Task directions –
There is material below. Print exactly the lines starting at the line with "apply lower_defect_poly_pos. split;" and ending at the line with "Lemma tanh_lt_upper_approx t", ends included, and no others.

Available records –

(* For all real $t\neq 0$, \[ \frac{\pi^2+\left(4-\frac{\pi^2}{3}\right)t^2-\left(\frac43-\frac{128}{\pi^4}\right)t^4}{\pi^2+4t^2}<\frac{\tanh t}{t}<\frac{\pi^2+\left(4-\frac{\pi^2}{3}\right)t^2-\left(\frac43-\frac{2\pi^2}{15}\right)t^4+\left(\frac{8}{15}-\frac{512}{\pi^6}\right)t^6}{\pi^2+4t^2}. \] *)

From Stdlib Require Import Reals.

From Stdlib Require Import Reals Lra Psatz Machin.
From Coquelicot Require Import Coquelicot.
Open Scope R_scope.

(* tanh solves the Riccati equation y' = 1 - y^2 with y(0) = 0.  If f(0) = 0 and
   f' + f^2 < 1 on (0, t), then multiplying sinh - f cosh by exp(F) with F' = f
   gives a function with derivative cosh (1 - f' - f^2) exp(F) > 0, vanishing at 0,
   so f(t) < tanh t; the reverse inequality is symmetric.  Both bounds are of the
   form f(t) = t * (rational function of t^2) with F elementary, and the sign of
   1 - f' - f^2 reduces to the sign of a polynomial in t^2 whose coefficients are
   polynomials in pi^2, checked from pi ~ 3.141592. *)

Lemma cosh_gt0 x : 0 < cosh x.
Proof. unfold cosh. pose proof (exp_pos x). pose proof (exp_pos (- x)). lra. Qed.

Lemma tanh_opp x : tanh (- x) = - tanh x.
Proof.
  unfold tanh, sinh, cosh. rewrite Ropp_involutive.
  pose proof (exp_pos x). pose proof (exp_pos (- x)). field. lra.
Qed.

Lemma tanh_gt0 x : 0 < x -> 0 < tanh x.
Proof.
  intros hx. apply Rdiv_lt_0_compat; [| apply cosh_gt0].
  rewrite <- sinh_0. apply sinh_lt. exact hx.
Qed.

Section RiccatiComparison.

Variables (f df F : R -> R).
Hypothesis f_deriv : forall x, is_derive f x (df x).
Hypothesis F_deriv : forall x, is_derive F x (f x).
Hypothesis f0 : f 0 = 0.

Lemma is_derive_riccati_defect x :
  is_derive (fun y => (sinh y - f y * cosh y) * exp (F y)) x
            (cosh x * (1 - df x - f x ^ 2) * exp (F x)).
Proof.
  assert (dsinh : is_derive sinh x (cosh x))
    by (apply is_derive_Reals, derivable_pt_lim_sinh).
  assert (dcosh : is_derive cosh x (sinh x))
    by (apply is_derive_Reals, derivable_pt_lim_cosh).
  assert (dexpF : is_derive (fun y => exp (F y)) x (f x * exp (F x)))
    by (apply (is_derive_comp exp F x (exp (F x)) (f x));
        [apply is_derive_exp | apply F_deriv]).
  replace (cosh x * (1 - df x - f x ^ 2) * exp (F x))
    with ((cosh x - (df x * cosh x + f x * sinh x)) * exp (F x)
          + (sinh x - f x * cosh x) * (f x * exp (F x))) by ring.
  apply (Derive.is_derive_mult (fun y => sinh y - f y * cosh y) (fun y => exp (F y)));
    [| exact dexpF].
  apply (is_derive_minus sinh (fun y => f y * cosh y)); [exact dsinh |].
  apply Derive.is_derive_mult; [apply f_deriv | exact dcosh].
Qed.

Lemma riccati_defect_mvt t :
  0 < t ->
  exists c, 0 < c < t /\
    (sinh t - f t * cosh t) * exp (F t) = cosh c * (1 - df c - f c ^ 2) * exp (F c) * t.
Proof.
  intros ht.
  destruct (MVT_cor2 (fun y => (sinh y - f y * cosh y) * exp (F y))
              (fun y => cosh y * (1 - df y - f y ^ 2) * exp (F y)) 0 t ht)
    as [c [Ec Hc]].
  { intros c _. apply is_derive_Reals, is_derive_riccati_defect. }
  exists c. split; [exact Hc |].
  rewrite sinh_0, cosh_0, f0, Rminus_0_r in Ec. lra.
Qed.

Lemma riccati_subsolution_lt_tanh t :
  0 < t -> (forall x, 0 < x < t -> f x ^ 2 + df x < 1) -> f t < tanh t.
Proof.
  intros ht Hsub.
  destruct (riccati_defect_mvt t ht) as [c [Hc Ec]].
  pose proof (cosh_gt0 c). pose proof (cosh_gt0 t).
  pose proof (exp_pos (F c)). pose proof (exp_pos (F t)).
  pose proof (Hsub c Hc).
  assert (0 < cosh c * (1 - df c - f c ^ 2) * exp (F c) * t)
    by (apply Rmult_lt_0_compat; [apply Rmult_lt_0_compat; [apply Rmult_lt_0_compat |] |]; lra).
  apply Rlt_div_r; nra.
Qed.

Lemma riccati_supersolution_gt_tanh t :
  0 < t -> (forall x, 0 < x < t -> 1 < f x ^ 2 + df x) -> tanh t < f t.
Proof.
  intros ht Hsuper.
  destruct (riccati_defect_mvt t ht) as [c [Hc Ec]].
  pose proof (cosh_gt0 c). pose proof (cosh_gt0 t).
  pose proof (exp_pos (F c)). pose proof (exp_pos (F t)).
  pose proof (Hsuper c Hc).
  assert (0 < cosh c * (f c ^ 2 + df c - 1) * exp (F c) * t)
    by (apply Rmult_lt_0_compat; [apply Rmult_lt_0_compat; [apply Rmult_lt_0_compat |] |]; lra).
  apply Rlt_div_l; nra.
Qed.

End RiccatiComparison.

Section Approximants.

Variable p : R.
Hypothesis p_gt0 : 0 < p.

Definition lower_approx t := t - t ^ 3 / 3 + 128 / p ^ 2 * t ^ 5 / (p + 4 * t ^ 2).

Definition lower_approx_deriv t :=
  1 - t ^ 2 + 128 / p ^ 2 * (5 * p * t ^ 4 + 12 * t ^ 6) / (p + 4 * t ^ 2) ^ 2.

Definition lower_approx_prim t :=
  t ^ 2 / 2 - t ^ 4 / 12
  + 128 / p ^ 2 * (t ^ 4 / 16 - p * t ^ 2 / 32 + p ^ 2 * ln (p + 4 * t ^ 2) / 128).

Definition upper_approx t :=
  t - t ^ 3 / 3 + 2 * t ^ 5 / 15 - 512 / p ^ 3 * t ^ 7 / (p + 4 * t ^ 2).

Definition upper_approx_deriv t :=
  1 - t ^ 2 + 2 * t ^ 4 / 3
  - 512 / p ^ 3 * (7 * p * t ^ 6 + 20 * t ^ 8) / (p + 4 * t ^ 2) ^ 2.

Definition upper_approx_prim t :=
  t ^ 2 / 2 - t ^ 4 / 12 + t ^ 6 / 45
  - 512 / p ^ 3 * (t ^ 6 / 24 - p * t ^ 4 / 64 + p ^ 2 * t ^ 2 / 128
                   - p ^ 3 * ln (p + 4 * t ^ 2) / 512).

Definition lower_defect_poly u :=
  (2/3 * p ^ 6 - 640 * p ^ 3)
  + (16/3 * p ^ 5 - 256 * p ^ 3 - 1536 * p ^ 2 - p ^ 6 / 9) * u
  + (32/3 * p ^ 4 + 256/3 * p ^ 3 - 1024 * p ^ 2 - 8/9 * p ^ 5) * u ^ 2
  - (4/3 * p ^ 2 - 128) ^ 2 * u ^ 3.

Definition upper_defect_poly u :=
  (17/45 * p ^ 8 - 3584 * p ^ 4)
  + (136/45 * p ^ 7 - 4/45 * p ^ 8 - 1024 * p ^ 4 - 10240 * p ^ 3) * u
  + (4/225 * p ^ 8 - 32/45 * p ^ 7 + 272/45 * p ^ 6 + 1024/3 * p ^ 4
     - 4096 * p ^ 3) * u ^ 2
  + (32/225 * p ^ 7 - 64/45 * p ^ 6 - 2048/15 * p ^ 4 + 4096/3 * p ^ 3) * u ^ 3
  + (8/15 * p ^ 3 - 512) ^ 2 * u ^ 4.

Lemma denom_gt0 t : 0 < p + 4 * t ^ 2.
Proof. nra. Qed.

Lemma is_derive_lower_approx t : is_derive lower_approx t (lower_approx_deriv t).
Proof.
  pose proof (denom_gt0 t).
  unfold lower_approx, lower_approx_deriv. auto_derive; [lra |]. field; lra.
Qed.

Lemma is_derive_lower_approx_prim t :
  is_derive lower_approx_prim t (lower_approx t).
Proof.
  pose proof (denom_gt0 t).
  unfold lower_approx, lower_approx_prim. auto_derive; [lra |]. field; lra.
Qed.

Lemma is_derive_upper_approx t : is_derive upper_approx t (upper_approx_deriv t).
Proof.
  pose proof (denom_gt0 t).
  unfold upper_approx, upper_approx_deriv. auto_derive; [lra |]. field; lra.
Qed.

Lemma is_derive_upper_approx_prim t :
  is_derive upper_approx_prim t (upper_approx t).
Proof.
  pose proof (denom_gt0 t).
  unfold upper_approx, upper_approx_prim. auto_derive; [lra |]. field; lra.
Qed.

Lemma lower_approx_defect t :
  (1 - lower_approx_deriv t - lower_approx t ^ 2) * (p + 4 * t ^ 2) ^ 2 * p ^ 4
  = t ^ 4 * lower_defect_poly (t ^ 2).
Proof.
  pose proof (denom_gt0 t).
  unfold lower_approx, lower_approx_deriv, lower_defect_poly. field; lra.
Qed.

Lemma upper_approx_defect t :
  (upper_approx_deriv t + upper_approx t ^ 2 - 1) * (p + 4 * t ^ 2) ^ 2 * p ^ 6
  = t ^ 6 * upper_defect_poly (t ^ 2).
Proof.
  pose proof (denom_gt0 t).
  unfold upper_approx, upper_approx_deriv, upper_defect_poly. field; lra.
Qed.

Lemma lower_approx_eq t :
  lower_approx t
  = t * ((p + (4 - p / 3) * t ^ 2 - (4 / 3 - 128 / p ^ 2) * t ^ 4) / (p + 4 * t ^ 2)).
Proof. pose proof (denom_gt0 t). unfold lower_approx. field; lra. Qed.

Lemma upper_approx_eq t :
  upper_approx t
  = t * ((p + (4 - p / 3) * t ^ 2 - (4 / 3 - 2 * p / 15) * t ^ 4
          + (8 / 15 - 512 / p ^ 3) * t ^ 6) / (p + 4 * t ^ 2)).
Proof. pose proof (denom_gt0 t). unfold upper_approx. field; lra. Qed.

Lemma lower_approx_opp t : lower_approx (- t) = - lower_approx t.
Proof.
  pose proof (denom_gt0 t). pose proof (denom_gt0 (- t)).
  unfold lower_approx. field. lra.
Qed.

Lemma upper_approx_opp t : upper_approx (- t) = - upper_approx t.
Proof.
  pose proof (denom_gt0 t). pose proof (denom_gt0 (- t)).
  unfold upper_approx. field. lra.
Qed.

End Approximants.

Lemma cubic_pos_le_64 a0 a1 a2 r u :
  0 < a0 -> 0 <= a1 -> 64 * r ^ 2 <= a2 -> 0 < u <= 64 ->
  0 < a0 + a1 * u + a2 * u ^ 2 - r ^ 2 * u ^ 3.
Proof.
  intros h0 h1 h2 hu.
  assert (r ^ 2 * u <= 64 * r ^ 2) by nra.
  replace (r ^ 2 * u ^ 3) with (r ^ 2 * u * u ^ 2) by ring.
  nra.
Qed.

Lemma quartic_pos a0 a1 a2 a3 b u :
  0 < a0 -> 0 <= a1 -> 0 < b -> a3 ^ 2 < 4 * a2 * b -> 0 < u ->
  0 < a0 + a1 * u + a2 * u ^ 2 + a3 * u ^ 3 + b * u ^ 4.
Proof.
  intros h0 h1 hb hdisc hu.
  assert (hq : 0 < a2 + a3 * u + b * u ^ 2).
  { assert (0 < 4 * b * (a2 + a3 * u + b * u ^ 2)).
    { replace (4 * b * (a2 + a3 * u + b * u ^ 2))
        with ((2 * b * u + a3) ^ 2 + (4 * a2 * b - a3 ^ 2)) by ring.
      pose proof (pow2_ge_0 (2 * b * u + a3)). lra. }
    nra. }
  replace (a0 + a1 * u + a2 * u ^ 2 + a3 * u ^ 3 + b * u ^ 4)
    with (a0 + a1 * u + u ^ 2 * (a2 + a3 * u + b * u ^ 2)) by ring.
  nra.
Qed.

Lemma PI_bounds : 3141592 / 1000000 < PI < 3141593 / 1000000.
Proof.
  pose proof (PI_2_3_7_ineq 3) as [lo hi].
  unfold sum_f_R0, tg_alt, PI_2_3_7_tg, Ratan_seq in lo, hi. simpl in lo, hi.
  lra.
Qed.

Lemma PI2_gt0 : 0 < PI ^ 2.
Proof. apply pow_lt, PI_RGT_0. Qed.

Lemma PI2_pow_bounds k :
  (3141592 / 1000000) ^ (2 * k) <= (PI ^ 2) ^ k <= (3141593 / 1000000) ^ (2 * k).
Proof.
  pose proof PI_bounds. rewrite <- pow_mult. split; apply pow_incr; lra.
Qed.

Lemma lower_defect_poly_pos u : 0 < u <= 64 -> 0 < lower_defect_poly (PI ^ 2) u.
Proof.
  intros hu. unfold lower_defect_poly.
  pose proof (PI2_pow_bounds 2) as b2. pose proof (PI2_pow_bounds 3) as b3.
  pose proof (PI2_pow_bounds 4) as b4. pose proof (PI2_pow_bounds 5) as b5.
  pose proof (PI2_pow_bounds 6) as b6. set (p := PI ^ 2) in *. simpl Nat.mul in *.
  apply cubic_pos_le_64; [lra | lra | | exact hu].
  assert (1878 / 1000 <= 4/3 * p ^ 2 - 128 <= 1879 / 1000) by lra.
  assert (259 <= 32/3 * p ^ 4 + 256/3 * p ^ 3 - 1024 * p ^ 2 - 8/9 * p ^ 5) by lra.
  clear b2 b3 b4 b5 b6. nra.
Qed.

Lemma upper_defect_poly_pos u : 0 < u -> 0 < upper_defect_poly (PI ^ 2) u.
Proof.
  intros hu. unfold upper_defect_poly.
  pose proof (PI2_pow_bounds 3) as b3. pose proof (PI2_pow_bounds 4) as b4.
  pose proof (PI2_pow_bounds 6) as b6. pose proof (PI2_pow_bounds 7) as b7.
  pose proof (PI2_pow_bounds 8) as b8. set (p := PI ^ 2) in *. simpl Nat.mul in *.
  apply quartic_pos; [lra | lra | | | exact hu].
  - assert (74 / 100 <= 8/15 * p ^ 3 - 512) by lra.
    clear b3 b4 b6 b7 b8. nra.
  - assert (hs : 74 / 100 <= 8/15 * p ^ 3 - 512) by lra.
    assert (ha3 : -34 <= 32/225 * p ^ 7 - 64/45 * p ^ 6 - 2048/15 * p ^ 4
                         + 4096/3 * p ^ 3 <= 0) by lra.
    assert (ha2 : 1253 <= 4/225 * p ^ 8 - 32/45 * p ^ 7 + 272/45 * p ^ 6
                          + 1024/3 * p ^ 4 - 4096 * p ^ 3) by lra.
    set (s := 8/15 * p ^ 3 - 512) in *.
    set (a3 := 32/225 * p ^ 7 - 64/45 * p ^ 6 - 2048/15 * p ^ 4 + 4096/3 * p ^ 3) in *.
    set (a2 := 4/225 * p ^ 8 - 32/45 * p ^ 7 + 272/45 * p ^ 6 + 1024/3 * p ^ 4
               - 4096 * p ^ 3) in *.
    clearbody s a3 a2. clear b3 b4 b6 b7 b8.
    assert (a3 ^ 2 <= 34 * 34) by nra.
    assert (74 / 100 * (74 / 100) <= s ^ 2) by nra.
    nra.
Qed.

(* Beyond t = 8 the Riccati defect of the lower approximant changes sign, but the
   approximant is then already negative. *)
Lemma lower_approx_neg t : 8 <= t -> lower_approx (PI ^ 2) t < 0.
Proof.
  intros ht. rewrite (lower_approx_eq _ PI2_gt0).
  pose proof (denom_gt0 _ PI2_gt0 t).
  pose proof (PI2_pow_bounds 1). pose proof (PI2_pow_bounds 2).
  set (p := PI ^ 2) in *. simpl Nat.mul in *.
  assert (128 / p ^ 2 <= 13148 / 10000) by (apply Rle_div_l; lra).
  assert (hu : 64 <= t ^ 2) by nra.
  assert (p + (4 - p / 3) * t ^ 2 - (4 / 3 - 128 / p ^ 2) * t ^ 4 < 0) by nra.
  assert ((p + (4 - p / 3) * t ^ 2 - (4 / 3 - 128 / p ^ 2) * t ^ 4)
          / (p + 4 * t ^ 2) < 0) by (apply Rlt_div_l; lra).
  nra.
Qed.

Lemma lower_approx_riccati t :
  0 < t <= 8 -> lower_approx (PI ^ 2) t ^ 2 + lower_approx_deriv (PI ^ 2) t < 1.
Proof.
  intros ht.
  pose proof (lower_approx_defect _ PI2_gt0 t) as E.
  pose proof (denom_gt0 _ PI2_gt0 t).
  assert (0 < t ^ 4 * lower_defect_poly (PI ^ 2) (t ^ 2)).
  { apply Rmult_lt_0_compat; [apply pow_lt; lra |].
    apply lower_defect_poly_pos. split; nra. }
  assert (0 < (PI ^ 2 + 4 * t ^ 2) ^ 2 * (PI ^ 2) ^ 4)
    by (apply Rmult_lt_0_compat; apply pow_lt; [lra | apply PI2_gt0]).
  rewrite <- E, Rmult_assoc in *. nra.
Qed.

Lemma upper_approx_riccati t :
  0 < t -> 1 < upper_approx (PI ^ 2) t ^ 2 + upper_approx_deriv (PI ^ 2) t.
Proof.
  intros ht.
  pose proof (upper_approx_defect _ PI2_gt0 t) as E.
  pose proof (denom_gt0 _ PI2_gt0 t).
  assert (0 < t ^ 6 * upper_defect_poly (PI ^ 2) (t ^ 2)).
  { apply Rmult_lt_0_compat; [apply pow_lt; lra |].
    apply upper_defect_poly_pos. nra. }
  assert (0 < (PI ^ 2 + 4 * t ^ 2) ^ 2 * (PI ^ 2) ^ 6)
    by (apply Rmult_lt_0_compat; apply pow_lt; [lra | apply PI2_gt0]).
  rewrite <- E, Rmult_assoc in *. nra.
Qed.

Lemma lower_approx_lt_tanh t : 0 < t -> lower_approx (PI ^ 2) t < tanh t.
Proof.
  intros ht. destruct (Rle_lt_dec t 8) as [h8 | h8].
  - apply (riccati_subsolution_lt_tanh _ (lower_approx_deriv (PI ^ 2))
             (lower_approx_prim (PI ^ 2))); [| | | exact ht |].
    + apply is_derive_lower_approx, PI2_gt0.
    + apply is_derive_lower_approx_prim, PI2_gt0.
    + unfold lower_approx, Rdiv. ring.
    + intros x hx. apply lower_approx_riccati. lra.
  - pose proof (lower_approx_neg t (Rlt_le _ _ h8)). pose proof (tanh_gt0 t ht). lra.
Qed.

Lemma tanh_lt_upper_approx t : 0 < t -> tanh t < upper_approx (PI ^ 2) t.
Proof.
  intros ht.
  apply (riccati_supersolution_gt_tanh _ (upper_approx_deriv (PI ^ 2))
           (upper_approx_prim (PI ^ 2))); [| | | exact ht |].
  - apply is_derive_upper_approx, PI2_gt0.
  - apply is_derive_upper_approx_prim, PI2_gt0.
  - unfold upper_approx, Rdiv. ring.
  - intros x hx. apply upper_approx_riccati. lra.
Qed.

Lemma odd_div_opp (f : R -> R) :
  (forall y, f (- y) = - f y) -> forall x, f (- x) / - x = f x / x.
Proof. intros Hodd x. rewrite Hodd. unfold Rdiv. rewrite Rinv_opp. ring. Qed.

Lemma tanh_div_bounds_pos t :
  0 < t -> lower_approx (PI ^ 2) t / t < tanh t / t < upper_approx (PI ^ 2) t / t.
Proof.
  intros ht.
  pose proof (lower_approx_lt_tanh t ht). pose proof (tanh_lt_upper_approx t ht).
  pose proof (Rinv_0_lt_compat t ht).
  split; apply Rmult_lt_compat_r; assumption.
Qed.

Lemma tanh_div_bounds t :
  t <> 0 -> lower_approx (PI ^ 2) t / t < tanh t / t < upper_approx (PI ^ 2) t / t.
Proof.
  intros ht. destruct (Rlt_or_le 0 t) as [hpos | hneg].
  - exact (tanh_div_bounds_pos t hpos).
  - rewrite <- (Ropp_involutive t), (odd_div_opp tanh tanh_opp),
      (odd_div_opp _ (lower_approx_opp _ PI2_gt0)),
      (odd_div_opp _ (upper_approx_opp _ PI2_gt0)).
    apply tanh_div_bounds_pos. lra.
Qed.

Theorem mainTheorem16 (t : R) (ht : t <> 0) :
  (PI ^ 2 + (4 - PI ^ 2 / 3) * t ^ 2 - (4 / 3 - 128 / PI ^ 4) * t ^ 4)
      / (PI ^ 2 + 4 * t ^ 2)
  < tanh t / t /\
  tanh t / t <
  (PI ^ 2 + (4 - PI ^ 2 / 3) * t ^ 2 - (4 / 3 - 2 * PI ^ 2 / 15) * t ^ 4
     + (8 / 15 - 512 / PI ^ 6) * t ^ 6)
      / (PI ^ 2 + 4 * t ^ 2).
Proof.
  pose proof (tanh_div_bounds t ht) as B.
  rewrite (lower_approx_eq _ PI2_gt0), (upper_approx_eq _ PI2_gt0),
    !(Rmult_div_r t) in B by exact ht.
  replace (PI ^ 4) with ((PI ^ 2) ^ 2) by ring.
  replace (PI ^ 6) with ((PI ^ 2) ^ 3) by ring.
  exact B.
Qed.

Task solution –
    apply lower_defect_poly_pos. split; nra. }
  assert (0 < (PI ^ 2 + 4 * t ^ 2) ^ 2 * (PI ^ 2) ^ 4)
    by (apply Rmult_lt_0_compat; apply pow_lt; [lra | apply PI2_gt0]).
  rewrite <- E, Rmult_assoc in *. nra.
Qed.

Lemma upper_approx_riccati t :
  0 < t -> 1 < upper_approx (PI ^ 2) t ^ 2 + upper_approx_deriv (PI ^ 2) t.
Proof.
  intros ht.
  pose proof (upper_approx_defect _ PI2_gt0 t) as E.
  pose proof (denom_gt0 _ PI2_gt0 t).
  assert (0 < t ^ 6 * upper_defect_poly (PI ^ 2) (t ^ 2)).
  { apply Rmult_lt_0_compat; [apply pow_lt; lra |].
    apply upper_defect_poly_pos. nra. }
  assert (0 < (PI ^ 2 + 4 * t ^ 2) ^ 2 * (PI ^ 2) ^ 6)
    by (apply Rmult_lt_0_compat; apply pow_lt; [lra | apply PI2_gt0]).
  rewrite <- E, Rmult_assoc in *. nra.
Qed.

Lemma lower_approx_lt_tanh t : 0 < t -> lower_approx (PI ^ 2) t < tanh t.
Proof.
  intros ht. destruct (Rle_lt_dec t 8) as [h8 | h8].
  - apply (riccati_subsolution_lt_tanh _ (lower_approx_deriv (PI ^ 2))
             (lower_approx_prim (PI ^ 2))); [| | | exact ht |].
    + apply is_derive_lower_approx, PI2_gt0.
    + apply is_derive_lower_approx_prim, PI2_gt0.
    + unfold lower_approx, Rdiv. ring.
    + intros x hx. apply lower_approx_riccati. lra.
  - pose proof (lower_approx_neg t (Rlt_le _ _ h8)). pose proof (tanh_gt0 t ht). lra.
Qed.

Lemma tanh_lt_upper_approx t : 0 < t -> tanh t < upper_approx (PI ^ 2) t.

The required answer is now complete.